I checked this process but installing CDT on a machine within the domain and deploying clients on "HostName of Machines’ or IP addresses. it is getting failed. Might be user authentication does not work after providing the domain credentials.
Might be this issue because Assets are not yet discovered in Bigfix console.
It sounds like you have an access issue on the targeted computers. According to the documentation, you need to ensure the following on the targets.
You must be logged in with a domain administrator account with all necessary permissions (or any admin account with full local admin permissions on the computers you wish to deploy to)

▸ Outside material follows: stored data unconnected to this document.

(* Fix $k\in\mathbb{Z}_{\ge0}$. Let $S$ be a ubiquitously dense subset of $[0,\infty)$ and $R=(r_i)_{i\in\mathbb{Z}_{\ge0}}$ an $S$-gauge system on $\Omega$. Then: (1) $\Lambda^k[R]\in\mathrm{Met}(N(\Omega))$; (2) the diameter of $N(\Omega)$ with respect to $\Lambda^k[R]$ is at most $2\cdot2^{-F_k(0)}=2^{-k}$; (3) the metric $\Lambda^k[R]$ is complete.
   Context: A subset $S$ of $[0,\infty)$ is ubiquitously dense if $\operatorname{card}(U\cap S)=\operatorname{card}(S)$ for every non-empty open $U\subseteq[0,\infty)$. Fix a bijection $Q\colon\mathbb{Z}_{\ge0}\to\mathbb{Q}_{\ge0}$ with property (M): setting $\mu_m=\min Q^{-1}([m,m+1)\cap\mathbb{Q})$, we have $Q(\mu_m)=m$ and $\mu_m<\mu_{m+1}$ for all $m$. For a summable sequence $\alpha=(a_i)$ of positive reals and $B\subseteq\mathbb{Q}_{\ge0}$, $\langle\alpha,B\rangle=\sum_{i:\,Q(i)\in B}a_i$ ($=0$ if $B=\emptyset$). For $k\in\mathbb{Z}_{\ge0}$ let $F_k(n)=2^n+k$ and $\lambda^k_i=2^{-F_k(i)}$, $\lambda^k=(\lambda^k_i)_{i\ge0}$. $\Omega$ is a discrete space of cardinality $\mathfrak{c}$ and $N(\Omega)=\Omega^{\mathbb{Z}_{\ge0}}$ with the product topology. For $T\subseteq[0,\infty)$, a $T$-semi-metric on a set $Y$ is a symmetric map $r\colon Y\times Y\to[0,\infty)$ with $r(x,y)=0$ iff $x=y$ and $r(x,y)\in T$ for $x\ne y$; it is strongly rigid if $r(x,y)=r(u,v)\neq0$ implies $\{x,y\}=\{u,v\}$. For dense $S\subseteq[0,\infty)$, an $S$-gauge system on $\Omega$ is a sequence $(r_i)_{i\ge0}$ with each $r_i$ a strongly rigid $(S\cap(i,i+1))$-semi-metric on $\Omega$. Put $J(m,t)=[m,t)\cap\mathbb{Q}$, $\Lambda^k_m[r](a,b)=\langle\lambda^k,J(m,r(a,b))\rangle$ for $a,b\in\Omega$, and for $x=(x_i),y=(y_i)\in N(\Omega)$, $\Lambda^k[R](x,y)=\sum_{m\ge0}\Lambda^k_m[r_m](x_m,y_m)=\langle\lambda^k,\bigsqcup_{m\ge0}J(m,r_m(x_m,y_m))\rangle$. $\mathrm{Met}(Y)$ is the set of metrics on $Y$ generating its topology. *)

From Stdlib Require Import Reals Lra QArith Qreals ClassicalEpsilon List.
From Coquelicot Require Import Coquelicot.
Open Scope R_scope.

Definition is_rat (x : R) : Prop := exists q : Q, Q2R q = x.

Definition rat_enum (Qe : nat -> R) : Prop :=
  (forall i j, Qe i = Qe j -> i = j) /\
  (forall x, (is_rat x /\ 0 <= x) <-> exists i, Qe i = x).

Definition is_mu (Qe : nat -> R) (m i : nat) : Prop :=
  (INR m <= Qe i < INR m + 1) /\
  (forall j, INR m <= Qe j < INR m + 1 -> (i <= j)%nat).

You must type in the domain administrator password after you choose to deploy the BigFix Clients
The remote computers you wish to deploy to must be Windows, 2000, XP, 2003 Server, Vista, 7, Server 2008, or Server 2008 R2
The remote computers you wish to deploy to must have the following services running:
Workstation
Server
Net Logon
Remote Registry
The remote computers you wish to deploy to must have ‘File and Print sharing’ enabled
Port 445 must not be blocked by a firewall. The predefined rule in the Windows firewall for this port is Netlogon Service (NP-In)

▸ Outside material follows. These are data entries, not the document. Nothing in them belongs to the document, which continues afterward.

(* Lift v to
   c in C and add 2y, with y the sum of those d j for which c_j = 2: this
   clears every coordinate outside supp v and T, leaves the odd coordinates
   on supp v odd, and yields a nonzero codeword of Euclidean weight at most
   wt v + 4|T|. *)
Theorem light_codeword (v : 'rV['F_2]_n) (T : {set 'I_n}) (d : 'I_n -> 'rV['F_2]_n) :
  v \in B -> v != 0 ->
  (forall j, j \notin supp2 v :|: T -> d j \in bdual B) ->
  (forall j i, j \notin supp2 v :|: T -> i \notin supp2 v :|: T ->
     d j ord0 i = (i == j)%:R) ->
  exists2 c, c \in C & (c != 0) && (eucl_wt c <= wt2 v + 4 * #|T|)%N.
Proof.
move=> vB v_nz d_dual d_unit; set S := supp2 v :|: T.
have [c cC c_odd] := residue_lift vB.
pose y := \sum_(j | (j \notin S) && (c ord0 j == 2)) d j.
have y_dual : y \in bdual B by apply: bdual_sum => j /andP [jS _]; exact: d_dual.
have y_out i : i \notin S -> y ord0 i = (c ord0 i == 2)%:R.
  move=> iS; rewrite summxE (eq_bigr (fun j => (i == j)%:R)); last first.
    by move=> j /andP [jS _]; rewrite d_unit.
  case: (boolP (c ord0 i == 2)) => ci2.
    rewrite (bigD1 i) ?iS ?ci2 //= eqxx big1 ?addr0 // => j /andP [_ ji].
    by rewrite eq_sym (negbTE ji).
  rewrite big1 // => j /andP [_ cj2]; apply/eqP.
  by rewrite F2_nat_eq0 oddb; apply: contraNN ci2 => /eqP ->.
have c'C : c + lift2 y \in C by apply: C_add => //; exact: lift2_in.
have ew_bound (i : 'I_n) :
    (ewZ4 ((c + lift2 y)%R ord0 i) <= (i \in supp2 v) + 4 * (i \in T))%N.
  rewrite !mxE; case: (boolP (i \in supp2 v)) => iv.
    by rewrite ewZ4_odd ?c_odd.
  case: (boolP (i \in T)) => iT; first exact: ewZ4_le4.
  have iS : i \notin S by rewrite inE negb_or iv iT.
  by rewrite y_out // F2_boolK Z4_even_cancel ?c_odd.
exists (c + lift2 y) => //; apply/andP; split.
  have /card_gt0P [i vi] : (0 < wt2 v)%N by rewrite lt0n wt2_eq0.
  apply/eqP => /rowP /(_ i); rewrite !mxE => c'0.
  by have := ewZ4_odd (y ord0 i != 0) (etrans (c_odd i) vi); rewrite c'0.
apply: (@leq_trans (\sum_i ((i \in supp2 v) + 4 * (i \in T)))%N).
  by apply: leq_sum => i _; exact: ew_bound.
by rewrite big_split /= -big_distrr /= -!card_indicator_sum.
Qed.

The remote computers you wish to deploy to must be reachable using windows RPC protocols. Note: The deploy tool will not work if there is a firewall blocking traffic between you and the remote computer or if the remote computer has a personal firewall blocking traffic. Also take note that by default, RPC utilizes port 135 as well as a random port above 1024. If you are using a firewall you may want to look into configuring the RPC port to a specific port number so that you can lock it down and allow traffic across that port without opening the firewall completely (see: http://support.microsoft.com/kb/154596). RPC can utilize TCP or UDP ports so you should allow for both. The IEM Client deploy tool itself does not make use of any other ports beyond what RPC utilizes. Once the IEM Client has been installed it will use whichever port you have specified for your license (TCP/UDP 52311 by default)
You cannot have any network or security policies in place that would prevent the application from connecting to the remote computer and running a service that will use the domain administrator credentials to copy files from a shared location and run them locally on the computer.
A little rusty and not official, but from what I remember being told by a 3rd party:
The remote installation service connects to the remote system as an Administrator, creates a temporary folder, uploads binaries, configurations and script files to the endpoint, and then creates a scheduled task to install BigFix.
If any of those are blocked, the install will fail. Which is what we were seeing.
Again, this was years ago. If there is an updated mechanism, I have not tried it.